Dr. Oliver Keßling, Kunststoff-Institut Südwest GmbH & Co. KG

Obwohl das erste Patent, das die direkte Herstellung gegenständlicher Objekte aus einem Computermodell heraus ermöglicht, bereits 1986 in den USA anerkannt worden ist, gibt es bei sogenannten additiven Verfahren weiterhin erheblichen Forschungsbedarf.

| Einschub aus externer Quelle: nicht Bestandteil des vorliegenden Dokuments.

Lemma canonicalS N t :
  canonical N.+1 t <->
  [/\ canonical N t, t N <= b & t N = b -> digval N t = 0].
Proof.
split=> [ct | [ct tNb tN0] j].
  split=> [j jN | | tNb]; first exact: ct (ltnW jN).
    by case: (ct N).
  by apply/digval_eq0; case: (ct N) => // _; apply.
rewrite ltnS leq_eqVlt => /orP[/eqP -> | /ct //].
by split=> // /tN0 /digval_eq0.
Qed.

Lemma digval_dsnoc N t d : digval N.+1 (dsnoc N t d) = digval N t + d * R N.+1.
Proof.
rewrite digvalS /dsnoc ltnn; congr (_ + _).
by apply: eq_bigr => j _; rewrite ltn_ord.
Qed.

Lemma digsum_dsnoc N t d : digsum N.+1 (dsnoc N t d) = digsum N t + d.
Proof.
rewrite digsumS /dsnoc ltnn; congr (_ + _).
by apply: eq_bigr => j _; rewrite ltn_ord.
Qed.

Lemma canonical_dsnoc N t d :
  canonical N t -> d <= b -> (d = b -> digval N t = 0) ->
  canonical N.+1 (dsnoc N t d).
Proof.
move=> ct db dt0; apply/canonicalS; rewrite /dsnoc ltnn.
split=> // [j jN | /dt0 <-]; last by apply: eq_bigr => j _; rewrite ltn_ord.
rewrite jN; have [tjb tj0] := ct j jN; split=> // /tj0 t0 i ij.
by rewrite (ltn_trans ij jN) t0.
Qed.

Lemma digval_lt N t : canonical N t -> digval N t < R N.+1.
Proof.
elim: N => [_ | N IH]; first by rewrite /digval big_ord0 repunit_gt0.
move=> /canonicalS [ct tNb tN0]; rewrite digvalS (repunitS b N.+1).
have [tNe | tN_neq] := eqVneq (t N) b.
  by rewrite (tN0 tNe) tNe add0n mulnC addn1.
have := IH ct; have : t N < b by rewrite ltn_neqAle tN_neq tNb.
nia.
Qed.

Lemma canonical_uniq N t u :
  canonical N t -> canonical N u -> digval N t = digval N u ->
  forall j, j < N -> t j = u j.
Proof.
elim: N => [// | N IH] /canonicalS [ct _ _] /canonicalS [cu _ _].
rewrite !digvalS ![digval N _ + _]addnC => e j.
have := congr1 (modn^~ (R N.+1)) e; rewrite !modnMDl !modn_small ?digval_lt // => low.
have := congr1 (divn^~ (R N.+1)) e.
rewrite !divnMDl ?repunit_gt0 // !divn_small ?digval_lt // !addn0 => top.
by rewrite ltnS leq_eqVlt => /orP[/eqP -> // | jN]; exact: IH.
Qed.

Lemma canonical_digsum_uniq N t u :
  canonical N t -> canonical N u -> digval N t = digval N u ->
  digsum N t = digsum N u.
Proof.
move=> ct cu e; apply: eq_bigr => j _.
exact: canonical_uniq ct cu e j (ltn_ord j).
Qed.

Lemma canonical0 N : canonical N (fun _ => 0).
Proof. by move=> j _; split=> // b0; move: b_gt1; rewrite -b0. Qed.

Lemma digval0 N : digval N (fun _ => 0) = 0.
Proof. exact/digval_eq0. Qed.

Lemma digsum0 N : digsum N (fun _ => 0) = 0.
Proof. exact: big1. Qed.

Lemma canonical_succ N t :
  canonical N t -> (digval N t).+1 < R N.+1 ->
  exists u, [/\ canonical N u, digval N u = (digval N t).+1 &
                digsum N u <= (digsum N t).+1].
Proof.
elim: N t => [t | N IH t]; first by rewrite /digval big_ord0 repunit1.
move=> /canonicalS [ct tNb tN0]; rewrite digvalS (repunitS b N.+1) => lt_t.
have tN_ltb : t N < b.
  rewrite ltn_neqAle tNb andbT; apply/eqP => tNe.
  by move: lt_t; rewrite (tN0 tNe) tNe add0n mulnC addn1 ltnn.
have := digval_lt ct; rewrite leq_eqVlt => /orP[/eqP carry | no_carry].
  (* The lower digits represent R_(N+1) - 1: adding 1 carries into digit N. *)
  exists (dsnoc N (fun _ => 0) (t N).+1).
  split; [apply: canonical_dsnoc | rewrite digval_dsnoc | rewrite digsum_dsnoc].
  - exact: canonical0.
  - exact: tN_ltb.
  - by move=> _; apply: digval0.
  - by rewrite digval0 add0n -addSn carry mulSn.
  - by rewrite digsum0 digsumS add0n -addnS leq_addl.
have [u [cu du su]] := IH t ct no_carry.
exists (dsnoc N u (t N)).
split; [apply: canonical_dsnoc | rewrite digval_dsnoc | rewrite digsum_dsnoc].
- exact: cu.
- exact: tNb.
- by move=> tNe; move: tN_ltb; rewrite tNe ltnn.
- by rewrite du addSn.
- by rewrite digsumS -addSn leq_add2r.
Qed.

Lemma canonical_addn N t d :
  canonical N t -> digval N t + d < R N.+1 ->
  exists u, [/\ canonical N u, digval N u = digval N t + d &
                digsum N u <= digsum N t + d].
Proof.
elim: d t => [t ct _ | d IH t ct lt_td]; first by exists t; rewrite !addn0.
have lt_t : (digval N t).+1 < R N.+1 by lia.
have [v [cv dv sv]] := canonical_succ ct lt_t.
have lt_v : digval N v + d < R N.+1 by lia.
have [u [cu du su]] := IH v cv lt_v.
by exists u; split=> //; lia.
Qed.

Lemma canonical_exists N F :
  F < R N.+1 -> exists t, canonical N t /\ digval N t = F.
Proof.
move=> lt_F; have := @canonical_addn N _ F (@canonical0 N).
by rewrite digval0 add0n => /(_ lt_F) [t [ct dt _]]; exists t.
Qed.

Lemma canonical_dshift N t : canonical N t -> canonical N.+1 (dshift t).
Proof.
move=> ct [// | j]; rewrite ltnS => jN; have [tjb tj0] := ct j jN.
by split=> // /tj0 t0 [// | i] /t0.
Qed.

Lemma digval_dshift N t : digval N.+1 (dshift t) = b * digval N t + digsum N t.
Proof. by rewrite /digval big_ord_recl /= mul0n add0n (sum_repunitS _ _ _ S). Qed.

Lemma digsum_dshift N t : digsum N.+1 (dshift t) = digsum N t.
Proof. by rewrite /digsum big_ord_recl add0n. Qed.

(* Dropping R_0 = 0 and using R_(i+1) = b R_i + 1, an expansion of size c reads
   b F + c with F expanded by at most c repunits; the shifted canonical digits
   of F represent b F + digsum, and c - digsum unit increments reach b F + c. *)
Lemma canonical_digsum_min k (a : nat -> nat) N t :
  canonical N t -> digval N t = \sum_(i < k) a i * R i ->
  digsum N t <= \sum_(i < k) a i.
Proof.
elim: k a N t => [a N t _ | k IH a [|N] t ct].
- by rewrite !big_ord0 => dt0; rewrite -dt0 digsum_le_digval.
- by rewrite /digsum big_ord0.
rewrite !big_ord_recl repunit0 muln0 add0n /= (sum_repunitS b k (fun i => a i.+1) id).
set F := \sum_(i < k) _; set c := \sum_(i < k) _ => dt.
have F_lt : F < R N.+1.
  rewrite ltnNge; apply/negP => le_RF.
  have /eqP : c = 0 by have := digval_lt ct; rewrite dt (repunitS b N.+1); nia.
  rewrite sum_nat_eq0 => /forallP c0.
  have F0 : F = 0 by apply: big1 => i _; rewrite (eqP (c0 i)).
  by move: le_RF; rewrite F0 leqNgt repunit_gt0.
have [t' [ct' dt']] := canonical_exists F_lt.
have st' := IH (fun i => a i.+1) N t' ct' dt'.
have e : digval N.+1 (dshift t') + (c - digsum N t') = digval N.+1 t.
  by rewrite digval_dshift dt' -addnA subnKC.
have lt_e : digval N.+1 (dshift t') + (c - digsum N t') < R N.+2.
  by rewrite e digval_lt.
have [u [cu du su]] := canonical_addn (canonical_dshift ct') lt_e.
rewrite e in du; rewrite (canonical_digsum_uniq ct cu (esym du)) (leq_trans su) //.
by rewrite digsum_dshift subnKC // leq_addl.
Qed.

Lemma digval_le1 N t :
  0 < N -> digval N t <= 1 <-> t 0 <= 1 /\ (forall i, 0 < i < N -> t i = 0).
Proof.
case: N => // N _; rewrite /digval big_ord_recl repunit1 muln1 /=.
rewrite (sum_repunitS b N (fun i => t i.+1) S).
rewrite -[\sum_(i < N) t i.+1 * _]/(digval N (fun i => t i.+1)).
rewrite -[\sum_(i < N) t i.+1]/(digsum N (fun i => t i.+1)).
have := digsum_le_digval N (fun i => t i.+1).
set D := digval N _; set S := digsum N _ => le_SD.
split=> [le1 | [t01 tz]].
  have /digval_eq0 D0 : D = 0 by nia.
  by split=> [|[// | i] iN]; [lia | exact: D0].
have D0 : D = 0 by apply/digval_eq0 => i iN; exact: tz.
by rewrite D0 muln0 add0n; lia.
Qed.

Lemma digval_le_pow N t :
  0 < N -> canonical N.+1 t ->
  digval N.+1 t <= b ^ N.+1 <-> t N <= b - 1 /\ (t N = b - 1 -> digval N t <= 1).
Proof.
move=> N_gt0 /canonicalS [ct tNb _]; rewrite digvalS -(repunitE N.+1 (ltnW b_gt1)).
have R_gt1 : 1 < R N.+1.
  by case: N N_gt0 {ct tNb} => // N _; rewrite repunitS; have := repunit_gt0 b N; nia.
have := digval_lt ct; set L := digval N t; set T := t N; set r := R N.+1 => L_lt.
split=> [le | [T_le T_eq]].
  have T_le : T <= b - 1 by nia.
  by split=> // T_eq; move: le; rewrite T_eq; lia.
have [T_lt | T_gt | T_e] := ltngtP T (b - 1); [nia | lia | ].
by have := T_eq T_e; rewrite T_e; lia.
Qed.

End CanonicalDigits.

Lemma coprime_lin_inj m y E E' K K' :
  coprime m y -> E < m -> E' < m ->
  y * E + m * K = y * E' + m * K' -> E = E'.
Proof.
move=> co; wlog le_EE' : E E' K K' / E <= E'.
  move=> wlog ltE ltE' e; have [le | /ltnW le] := leqP E E'.
    exact: wlog le ltE ltE' e.
  exact/esym/(wlog E' E K' K le ltE' ltE (esym e)).
move=> _ ltE' e; have /eqP : y * E' = y * E %[mod m].
  have e' : K' * m + y * E' = K * m + y * E by lia.
  by rewrite -(modnMDl K') e' modnMDl.
rewrite eqn_mod_dvd ?leq_mul2l ?le_EE' ?orbT // -mulnBr Gauss_dvdr //.
move=> dvd; have [|pos] := posnP (E' - E); first lia.
by have := dvdn_leq pos dvd; lia.
Qed.

Lemma coprime_gen0 b n : 0 < b -> ~~ odd b -> coprime (gen b n 0) ((b - 1) * b ^ n).
Proof.
move=> b_gt0 b_even; rewrite /gen addn0 coprimeMr addn1 coprimeSn andbT coprime_sym.
have -> : (b ^ n).+1 = repunit b n * (b - 1) + 2 by rewrite -(repunitE n b_gt0); lia.
by rewrite /coprime gcdnMDl -/(coprime (b - 1) 2) coprimen2 oddB ?(negbTE b_even).
Qed.

Section GeneratorDigits.

Variables b n : nat.
Hypotheses (b_gt1 : 1 < b) (n_gt1 : 1 < n).

Local Notation R := (repunit b).
Local Notation m := (gen b n 0).
Local Notation y := ((b - 1) * b ^ n).
Local Notation digval := (digval b).
Local Notation canonical := (canonical b).

Lemma gen0E : m = b ^ n + 1.
Proof. by rewrite /gen addn0. Qed.

Lemma gen_repunit i : gen b n i = y * R i + m.
Proof. by rewrite gen0E /gen expnD -(repunitE i (ltnW b_gt1)); ring. Qed.

Lemma sum_gen k (a : nat -> nat) :
  \sum_(i < k) a i * gen b n i =
  y * \sum_(i < k) a i * R i + m * \sum_(i < k) a i.
Proof.
rewrite !big_distrr -big_split; apply: eq_bigr => i _ /=; rewrite gen_repunit; ring.
Qed.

Das zeigen die Zwischenergebnisse des Verbundprojektes „Industrieller 3-D-Druck“, das seit Oktober 2016 beim Kunststoff-Institut Südwest (KISW) läuft.

Referenzbauteil zur Beurteilung unterschiedlicher Maßhaltigkeiten, wie z.B. Bohrungen und Treppenstufen - (Bild: Kunststoff-Institut Südwest).
Referenzbauteil zur Beurteilung unterschiedlicher Maßhaltigkeiten, wie z.B. Bohrungen und Treppenstufen - (Bild: Kunststoff-Institut Südwest).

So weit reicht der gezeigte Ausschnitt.